**HOW TO COMPLETE THIS TASK:** Give back, word for word, the lines in the listing below from the one holding "bl_unit_comul : forall" down to the one holding "A)))) • colax0 bl_colax A", both ends included.

[TASK DATA Boundary: Start]

(* Let $X=(X_1,\ldots,X_n)$ be i.i.d. real random variables whose common distribution has a density $f$ with respect to Lebesgue measure and a unique median $m$, with constants $r,L>0$ such that $f(u)\ge L$ for all $u\in[m-r,m+r]$. Assume $|m|\le R$ for some $R>0$ and let $T>R+r$. Let $\alpha_3\in[2e^{-nL^2r^2/2},1]$. Then with probability at least $1-\alpha_3$, $$|\hat m_T(X)-m|\le\sqrt{\frac{2\log(2/\alpha_3)}{nL^2}}.$$
   Context: For $x\in\mathbb R^n$, $x_{(1)}\le\cdots\le x_{(n)}$ denote its ordered coordinates, $\ell=\lfloor n/2\rfloor$, and $\hat m(x)=x_{(\ell)}$. For $T>0$, $f_T(u)=u$ if $|u|\le T$ and $f_T(u)=\mathrm{sign}(u)T$ otherwise; $\hat m_T(x)=\hat m(y)$ where $y_i=f_T(x_i)$, $i=1,\ldots,n$. *)

From HB Require Import structures.
From mathcomp Require Import all_boot all_order all_algebra.
From mathcomp Require Import all_classical all_reals all_analysis.
Set Implicit Arguments. Unset Strict Implicit. Unset Printing Implicit Defensive.
Import Order.TTheory GRing.Theory Num.Theory.
Import numFieldNormedType.Exports.
Local Open Scope classical_set_scope.
Local Open Scope ring_scope.

Section Defs.
Variable R : realType.
Record is_colax (K K' : twocat) (F : prefunctor K K') (Cs : colax_structure F) : Prop := {
  colax2_nat : forall (A B C : ob K) (g g' : hom B C) (f f' : hom A B)
      (β : c2 g g') (α : c2 f f'),
      (fc2 F β ⊙ fc2 F α) • colax2 Cs g f = colax2 Cs g' f' • fc2 F (β ⊙ α);
  colax2_coassoc : forall (A B C D : ob K) (h : hom C D) (g : hom B C) (f : hom A B),
      (id2 (fhom F h) ⊙ colax2 Cs g f) • colax2 Cs h (g ⊚ f)
      = eqc (eq_sym (cA (fhom F h) (fhom F g) (fhom F f))) • (colax2 Cs h g ⊙ id2 (fhom F f))
        • colax2 Cs (h ⊚ g) f • eqc (f_equal (fhom F) (cA h g f));
  colax_counitl : forall (A B : ob K) (f : hom A B),
      (colax0 Cs B ⊙ id2 (fhom F f)) • colax2 Cs (idm B) f
      = eqc (eq_sym (c1l (fhom F f))) • eqc (f_equal (fhom F) (c1l f));
  colax_counitr : forall (A B : ob K) (f : hom A B),
      (id2 (fhom F f) ⊙ colax0 Cs A) • colax2 Cs f (idm A)
      = eqc (eq_sym (c1r (fhom F f))) • eqc (f_equal (fhom F) (c1r f))
}.

Record bilax_functor (K K' : twocat) := BilaxFunctor {
  bl_F :> prefunctor K K';
  bl_lax : lax_structure bl_F;
  bl_colax : colax_structure bl_F;
  bl_is_lax : is_lax bl_lax;
  bl_is_colax : is_colax bl_colax;
  bl_unit_comul : forall A : ob K,
      lax0 bl_lax A ⊙ lax0 bl_lax A
      = colax2 bl_colax (idm A) (idm A)
        • eqc (f_equal (fhom bl_F) (eq_sym (c1l (idm A)))) • lax0 bl_lax A
        • eqc (c1l (idm (fob bl_F A)));
  bl_counit_mul : forall A : ob K,
      colax0 bl_colax A ⊙ colax0 bl_colax A
      = eqc (eq_sym (c1l (idm (fob bl_F A)))) • colax0 bl_colax A
        • eqc (f_equal (fhom bl_F) (c1l (idm A))) • lax2 bl_lax (idm A) (idm A);
  bl_counit_unit : forall A : ob K,
      colax0 bl_colax A • lax0 bl_lax A = id2 (idm (fob bl_F A))
}.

[TASK DATA Boundary: End]

**SOLUTION:**
  bl_unit_comul : forall A : ob K,
      lax0 bl_lax A ⊙ lax0 bl_lax A
      = colax2 bl_colax (idm A) (idm A)
        • eqc (f_equal (fhom bl_F) (eq_sym (c1l (idm A)))) • lax0 bl_lax A
        • eqc (c1l (idm (fob bl_F A)));
  bl_counit_mul : forall A : ob K,
      colax0 bl_colax A ⊙ colax0 bl_colax A
      = eqc (eq_sym (c1l (idm (fob bl_F A)))) • colax0 bl_colax A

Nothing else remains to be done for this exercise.